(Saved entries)
(* Let $f_1,\dots,f_T:\mathbb{R}^d\to\mathbb{R}$ be convex differentiable with $\|\nabla f_t(x)\|\le G$ for all $x$ and $t$, and let $f=\sum_{t=1}^Tf_t$. Let $g:\mathbb{R}^d\to\mathbb{R}$ be convex and differentiable, let $\gamma\ge0$, and assume there is a point $x$ with $g(x)<-\gamma$ and that $\min_{x:\,g(x)+\gamma=0}\|\nabla g(x)\|\ge\sigma>0$. Let $x_*$ and $x_\gamma$ be minimizers of $f$ over $\{g(x)\le0\}$ and over $\{g(x)\le-\gamma\}$, respectively (assumed to exist). Then $$|f(x_* )-f(x_\gamma)|\le\frac{G}{\sigma}\gamma T.$$
   Context: All norms are Euclidean. *)

From Stdlib Require Import Reals.
From mathcomp Require Import all_boot.

Set Implicit Arguments.
Unset Strict Implicit.

Local Open Scope R_scope.

Definition vec (d : nat) := 'I_d -> R.

Definition vadd d (x y : vec d) : vec d := fun i => x i + y i.
Definition vscale d (a : R) (x : vec d) : vec d := fun i => a * x i.

Definition dot d (x y : vec d) : R := \big[Rplus/0]_(i < d) (x i * y i).
Definition vnorm d (x : vec d) : R := sqrt (dot x x).

Definition convex_fun d (f : vec d -> R) : Prop :=
  forall (x y : vec d) (l : R), 0 <= l <= 1 ->
    f (vadd (vscale l x) (vscale (1 - l) y)) <= l * f x + (1 - l) * f y.

Definition has_gradient d (f : vec d -> R) (x gr : vec d) : Prop :=
  forall eps : R, 0 < eps -> exists delta : R, 0 < delta /\
    forall h : vec d, vnorm h < delta ->
      Rabs (f (vadd x h) - f x - dot gr h) <= eps * vnorm h.

Definition is_gradient d (f : vec d -> R) (grad : vec d -> vec d) : Prop :=
  forall x, has_gradient f x (grad x).

(* f = sum_{t=1}^T f_t, with the f_t indexed by 0, ..., T-1. *)
Definition sum_fun d (T : nat) (ft : nat -> vec d -> R) : vec d -> R :=
  fun x => \big[Rplus/0]_(t < T) ft (nat_of_ord t) x.

(** Let [f = sum_t f_t], so that [|grad f| <= G T].  Since [x_gamma] is
    feasible for the larger set, [f x_* <= f x_gamma].  For the converse bound
    use the first-order optimality of [x_gamma]: no direction [h] decreases
    [f] while keeping [g <= -gamma], i.e. [grad f(x_gamma) . h >= 0] whenever
    [grad g(x_gamma) . h < 0] (or for every [h] when the constraint is slack).
    With [a = grad g(x_gamma)] and [w = x_* - x_gamma], convexity of [g] gives
    [a . w <= gamma], so [h = w - (gamma' / |a|^2) a] is such a direction for
    every [gamma' > gamma].  Together with convexity of [f],
    [f x_gamma - f x_* <= - grad f . w <= - (gamma' / |a|^2) grad f . a
     <= gamma' G T / |a|], and [|a| >= sigma] on the active constraint. *)

From HB Require Import structures.
From Stdlib Require Import Reals Lra FunctionalExtensionality.
From Coquelicot Require Import Coquelicot.
From mathcomp Require Import all_boot.

Set Implicit Arguments.
Unset Strict Implicit.

Local Open Scope R_scope.

HB.instance Definition _ := Monoid.isComLaw.Build R 0 Rplus
  (fun x y z => esym (Rplus_assoc x y z)) Rplus_comm Rplus_0_l.
HB.instance Definition _ := Monoid.isMulLaw.Build R 0 Rmult Rmult_0_l Rmult_0_r.
HB.instance Definition _ :=
  Monoid.isAddLaw.Build R Rmult Rplus Rmult_plus_distr_r Rmult_plus_distr_l.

WHAT IS EXPECTED
Please quote the data above in full, with no line missing.

SOLUTION
(* Let $f_1,\dots,f_T:\mathbb{R}^d\to\mathbb{R}$ be convex differentiable with $\|\nabla f_t(x)\|\le G$ for all $x$ and $t$, and let $f=\sum_{t=1}^Tf_t$. Let $g:\mathbb{R}^d\to\mathbb{R}$ be convex and differentiable, let $\gamma\ge0$, and assume there is a point $x$ with $g(x)<-\gamma$ and that $\min_{x:\,g(x)+\gamma=0}\|\nabla g(x)\|\ge\sigma>0$. Let $x_*$ and $x_\gamma$ be minimizers of $f$ over $\{g(x)\le0\}$ and over $\{g(x)\le-\gamma\}$, respectively (assumed to exist). Then $$|f(x_* )-f(x_\gamma)|\le\frac{G}{\sigma}\gamma T.$$
   Context: All norms are Euclidean. *)

From Stdlib Require Import Reals.
From mathcomp Require Import all_boot.

Set Implicit Arguments.
Unset Strict Implicit.

Local Open Scope R_scope.

Definition vec (d : nat) := 'I_d -> R.

Definition vadd d (x y : vec d) : vec d := fun i => x i + y i.
Definition vscale d (a : R) (x : vec d) : vec d := fun i => a * x i.

Definition dot d (x y : vec d) : R := \big[Rplus/0]_(i < d) (x i * y i).
Definition vnorm d (x : vec d) : R := sqrt (dot x x).

Definition convex_fun d (f : vec d -> R) : Prop :=
  forall (x y : vec d) (l : R), 0 <= l <= 1 ->
    f (vadd (vscale l x) (vscale (1 - l) y)) <= l * f x + (1 - l) * f y.

Definition has_gradient d (f : vec d -> R) (x gr : vec d) : Prop :=
  forall eps : R, 0 < eps -> exists delta : R, 0 < delta /\
    forall h : vec d, vnorm h < delta ->
      Rabs (f (vadd x h) - f x - dot gr h) <= eps * vnorm h.

Definition is_gradient d (f : vec d -> R) (grad : vec d -> vec d) : Prop :=
  forall x, has_gradient f x (grad x).

(* f = sum_{t=1}^T f_t, with the f_t indexed by 0, ..., T-1. *)
Definition sum_fun d (T : nat) (ft : nat -> vec d -> R) : vec d -> R :=
  fun x => \big[Rplus/0]_(t < T) ft (nat_of_ord t) x.

(** Let [f = sum_t f_t], so that [|grad f| <= G T].  Since [x_gamma] is
    feasible for the larger set, [f x_* <= f x_gamma].  For the converse bound
    use the first-order optimality of [x_gamma]: no direction [h] decreases
    [f] while keeping [g <= -gamma], i.e. [grad f(x_gamma) . h >= 0] whenever
    [grad g(x_gamma) . h < 0] (or for every [h] when the constraint is slack).
    With [a = grad g(x_gamma)] and [w = x_* - x_gamma], convexity of [g] gives
    [a . w <= gamma], so [h = w - (gamma' / |a|^2) a] is such a direction for
    every [gamma' > gamma].  Together with convexity of [f],
    [f x_gamma - f x_* <= - grad f . w <= - (gamma' / |a|^2) grad f . a
     <= gamma' G T / |a|], and [|a| >= sigma] on the active constraint. *)

From HB Require Import structures.
From Stdlib Require Import Reals Lra FunctionalExtensionality.
From Coquelicot Require Import Coquelicot.
From mathcomp Require Import all_boot.

Set Implicit Arguments.
Unset Strict Implicit.

Local Open Scope R_scope.

HB.instance Definition _ := Monoid.isComLaw.Build R 0 Rplus
  (fun x y z => esym (Rplus_assoc x y z)) Rplus_comm Rplus_0_l.
HB.instance Definition _ := Monoid.isMulLaw.Build R 0 Rmult Rmult_0_l Rmult_0_r.
HB.instance Definition _ :=
  Monoid.isAddLaw.Build R Rmult Rplus Rmult_plus_distr_r Rmult_plus_distr_l.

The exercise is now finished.